I stand perfectly still and watch her for a few moments. She’s got her thumb in her mouth and her chubby little face is all cherubic and childish. Pip’s eyelids flutter, and a tiny smile twitches at the corners of her mouth, like she’s having a lovely dream. I hope she is. And I hope she stops trying to grow up so fast. There’s a lot to be said for being nine. She’s still a pheromone‐free zone. She doesn’t need to worry about boys, or bra size.
Or, for that matter, bungee‐jumping hearts.
WOW! My hair looks so cool. I can’t believe how much longer and shinier it becomes when it’s straightened. (On the downside, it does make me look like every other girl at school, but, you know, I think I could really get used to it.) It’s such a bummer it’s not naturally straight. I hope my sproglets inherit Magnus’s hair rather than mine.18
I’m first in the kitchen this morning. I can hear Dad yodelling in the shower and Mum wandering around her bedroom bumping into things. She’s as blind as a new‐born kitten till she puts her contacts in. As a special treat for Mum I pop the kettle on.
Then I throw some fruit into the smoothie maker. Sassy’s Early Morning Wake‐up Special – banana, kiwi and yoghurt, with a dollop of honey.

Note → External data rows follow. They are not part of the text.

Lemma INR_big_sum (T : finType) (F : T -> nat) :
  INR (\sum_(i : T) F i)%N = \big[Rplus/0]_(i : T) INR (F i).
Proof. exact: (big_morph INR plus_INR). Qed.

Lemma INR_sum_ord (f : nat -> nat) n :
  INR (\sum_(k < n.+1) f k)%N = sum_f_R0 (fun k => INR (f k)) n.
Proof.
elim: n => [|n IH]; first by rewrite big_ord1.
by rewrite big_ord_recr /= plus_INR IH.
Qed.

Lemma big_sum_f_R0 (T : finType) (F : T -> nat -> R) n :
  \big[Rplus/0]_(i : T) sum_f_R0 (F i) n = sum_f_R0 (fun j => \big[Rplus/0]_(i : T) F i j) n.
Proof. by elim: n => [|n IH] //=; rewrite big_split IH. Qed.

Lemma is_series_head (a : nat -> R) :
  (forall k, (0 < k)%N -> a k = 0) -> is_series a (a 0%N).
Proof.
move=> a0; apply/is_series_Reals => eps eps_gt0; exists 0%N => n _.
have -> : sum_f_R0 a n = a 0%N.
  by elim: n => [|n IH] //=; rewrite IH (a0 n.+1) // Rplus_0_r.
by rewrite /R_dist Rminus_eq_0 Rabs_R0.
Qed.

Lemma is_series_big (T : finType) (F : T -> nat -> R) (L : T -> R) :
  (forall i, is_series (F i) (L i)) ->
  is_series (fun n => \big[Rplus/0]_(i : T) F i n) (\big[Rplus/0]_(i : T) L i).
Proof.
move=> FL; rewrite /index_enum; elim: (Finite.enum T) => [|i r IH].
  rewrite big_nil; apply: (is_series_ext (fun _ => 0)); first by move=> n; rewrite big_nil.
  exact: (@is_series_head (fun _ => 0)).
rewrite big_cons; have := is_series_plus _ _ _ _ (FL i) IH.
by apply: is_series_ext => n; rewrite big_cons.
Qed.

Definition Cmul (a b : Cx) : Cx := (a.1 * b.1 - a.2 * b.2, a.1 * b.2 + a.2 * b.1).
Definition Cconj (c : Cx) : Cx := (c.1, - c.2).

Lemma Cmod_eq1 c : Cmod c = 1 <-> c.1 * c.1 + c.2 * c.2 = 1.
Proof.
rewrite /Cmod; split => [c1 | ->]; last exact: sqrt_1.
by rewrite -(sqrt_sqrt (c.1 * c.1 + c.2 * c.2)) ?c1 ?Rmult_1_l //; nra.
Qed.

Lemma Cmod_Cmul c d : Cmod (Cmul c d) = Cmod c * Cmod d.
Proof. by rewrite /Cmod /Cmul /= -sqrt_mult; [congr sqrt; ring | nra | nra]. Qed.

Lemma Cmod_Cconj c : Cmod (Cconj c) = Cmod c.
Proof. by rewrite /Cmod /Cconj /=; congr sqrt; ring. Qed.

Lemma Cmod_sub1_le z : Rabs (Cmod z - 1) <= Rabs (z.1 - 1) + Rabs z.2.
Proof.
rewrite /Cmod; set r := sqrt _.
have r_ge0 : 0 <= r := sqrt_pos _.
have r2 : r * r = z.1 * z.1 + z.2 * z.2 by apply: sqrt_sqrt; nra.
have sq1 : Rabs z.1 * Rabs z.1 = z.1 * z.1 by rewrite -Rabs_mult Rabs_pos_eq; nra.
have sq2 : Rabs z.2 * Rabs z.2 = z.2 * z.2 by rewrite -Rabs_mult Rabs_pos_eq; nra.
have := Rabs_pos z.1; have := Rabs_pos z.2.
have := Rabs_triang_inv z.1 1; have := Rabs_triang_inv 1 z.1.
rewrite Rabs_R1 (Rabs_minus_sym 1) => *.
have r_le : r <= Rabs z.1 + Rabs z.2 by nra.
have r_ge : Rabs z.1 <= r by nra.
by apply: Rabs_le; split; lra.
Qed.

Lemma negi_pow_S k : negi_pow k.+1 = ((negi_pow k).2, - (negi_pow k).1).
Proof.
rewrite /negi_pow -addn1 Nat.Div0.add_mod.
have := Nat.mod_upper_bound k 4; case: (Nat.modulo k 4) => [|[|[|[|r]]]] /= lt4;
  by [congr pair; lra | lia].
Qed.

Lemma negi_pow_add j k : negi_pow (j + k) = Cmul (negi_pow j) (negi_pow k).
Proof.
elim: j => [|j IH]; first by rewrite /Cmul /=; case: (negi_pow k) => a b /=; congr pair; ring.
by rewrite addSn !negi_pow_S IH /Cmul /=; congr pair; ring.
Qed.

Lemma negi_pow_bound k : Rabs (negi_pow k).1 <= 1 /\ Rabs (negi_pow k).2 <= 1.
Proof.
elim: k => [|k [IH1 IH2]]; last by rewrite negi_pow_S /= Rabs_Ropp.
by rewrite /= Rabs_R1 Rabs_R0; lra.
Qed.

Lemma negi_pow_odd k : if odd k then (negi_pow k).1 = 0 else (negi_pow k).2 = 0.
Proof.
elim: k => [//|k]; rewrite negi_pow_S /=; case: (odd k) => /= ->; lra.
Qed.

Lemma Cmul_Cconj_r z c : Cmod c = 1 -> Cmul (Cmul z c) (Cconj c) = z.
Proof.
move/Cmod_eq1=> c1; case: z => z1 z2; rewrite /Cmul /Cconj /=; congr pair.
- by transitivity (z1 * (c.1 * c.1 + c.2 * c.2)); [ring | rewrite c1; ring].
- by transitivity (z2 * (c.1 * c.1 + c.2 * c.2)); [ring | rewrite c1; ring].
Qed.

Definition expo_term (x : R) (k : nat) : R := x ^ k / INR (fact k).

Lemma is_series_expo_term x : is_series (expo_term x) (exp x).
Proof.
apply/is_series_Reals => eps eps_gt0.
have [N HN] := proj1 (is_pseries_Reals _ _ _) (is_exp_Reals x) eps eps_gt0.
exists N => n le_Nn.
rewrite (PartSum.sum_eq _ (fun k => / INR (fact k) * x ^ k)); first exact: HN.
by move=> k _; rewrite /expo_term /Rdiv Rmult_comm.
Qed.

Lemma ex_series_Rabs_le_expo (a : nat -> R) X :
  (forall k, Rabs (a k) <= expo_term X k) -> ex_series (fun k => Rabs (a k)).
Proof.
move=> a_le; apply: (ex_series_le _ (expo_term X)); last first.
  by eexists; exact: is_series_expo_term.
by move=> k; rewrite /norm /= /abs /= Rabs_Rabsolu.
Qed.

Lemma Rabs_mul_le_l (w r : R) : Rabs w <= 1 -> Rabs (w * r) <= Rabs r.
Proof. by move=> w_le; rewrite Rabs_mult; have := Rabs_pos r; nra. Qed.

Definition negi_series (c : nat -> R) : Cx :=
  (Series (fun k => (negi_pow k).1 * c k), Series (fun k => (negi_pow k).2 * c k)).

Definition conv (c d : nat -> R) (n : nat) : R := sum_f_R0 (fun k => c k * d (n - k)%coq_nat) n.

Section NegiSeries.

Variables (c : nat -> R) (X : R).
Hypothesis c_le : forall k, Rabs (c k) <= expo_term X k.

Lemma negi_re_le k : Rabs ((negi_pow k).1 * c k) <= expo_term X k.
Proof. exact: Rle_trans (Rabs_mul_le_l _ (negi_pow_bound k).1) (c_le k). Qed.

Lemma negi_im_le k : Rabs ((negi_pow k).2 * c k) <= expo_term X k.
Proof. exact: Rle_trans (Rabs_mul_le_l _ (negi_pow_bound k).2) (c_le k). Qed.

Lemma ex_series_Rabs_negi_re : ex_series (fun k => Rabs ((negi_pow k).1 * c k)).
Proof. exact: ex_series_Rabs_le_expo negi_re_le. Qed.

Lemma ex_series_Rabs_negi_im : ex_series (fun k => Rabs ((negi_pow k).2 * c k)).
Proof. exact: ex_series_Rabs_le_expo negi_im_le. Qed.

Lemma is_series_negi_re : is_series (fun k => (negi_pow k).1 * c k) (negi_series c).1.
Proof. exact/Series_correct/ex_series_Rabs/ex_series_Rabs_negi_re. Qed.

Lemma is_series_negi_im : is_series (fun k => (negi_pow k).2 * c k) (negi_series c).2.
Proof. exact/Series_correct/ex_series_Rabs/ex_series_Rabs_negi_im. Qed.

End NegiSeries.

I’m just about to take a first slurp when I see one of Dad’s new
election leaflets lying on the table. Oh my gosh‐oh‐golly‐glumpit! The mug‐shot on the front is even worse than I feared. You can make out these little nostril hairs he must have missed when he shaved. It looks like he’s got this tiny moustache – scarily like Adolf Hitler!
His name – half of which I unfortunately have to share with him – is in big bold letters across the top.
ANGUS WILDE. A FAMILY MAN WITH FAMILY VALUES.
I’m still hoping no one knows he’s related to me. Especially Hannah Harrison, who would just love to make my life a misery.
And I’m just thinking how weird it is, you know, that Dad might end up being a member of parliament, when absent‐mindedly I flick the leaflet open.
CATASTROPHE!
A photo of a small child in her bath. Naked. And underneath: Angus Wilde, doting father, bathes his daughter.
Just as I open my mouth to scream, Dad bounces into the kitchen.
He halts mid‐yodel and looks startled.
‘How could you?’ I blurt. ‘You have ruined my life!’ I sob, tossing the leaflet on to the table.
Dad picks up the leaflet and peers at it.
‘Sorry, Sassy,’ he says. ‘I’m not with you.’
‘Don’t you see? I can never go out in public again,’ I scream as Mum comes in, blinking. ‘Everyone’s going to tease me stupid!’
‘What on earth’s going on?’ Mum asks blearily. ‘I thought somebody was being murdered.’
I grab the leaflet from Dad’s hand and thrust it under her short‐sighted nose. ‘See what Dad’s done!’ I wail. ‘That’s it! I can’t ever go to school again. Ever.’
Mum peers at the photo. ‘For goodness’ sake, Sassy. It’s only an old baby photo.’
‘Yes, Mum! NUDE! Of ME! NAKED! Like… like… a Page‐Three Pin‐up or something!’
‘So that’s what the problem is!’ Dad says at last. ‘But that’s Pip in the photo, isn’t it?’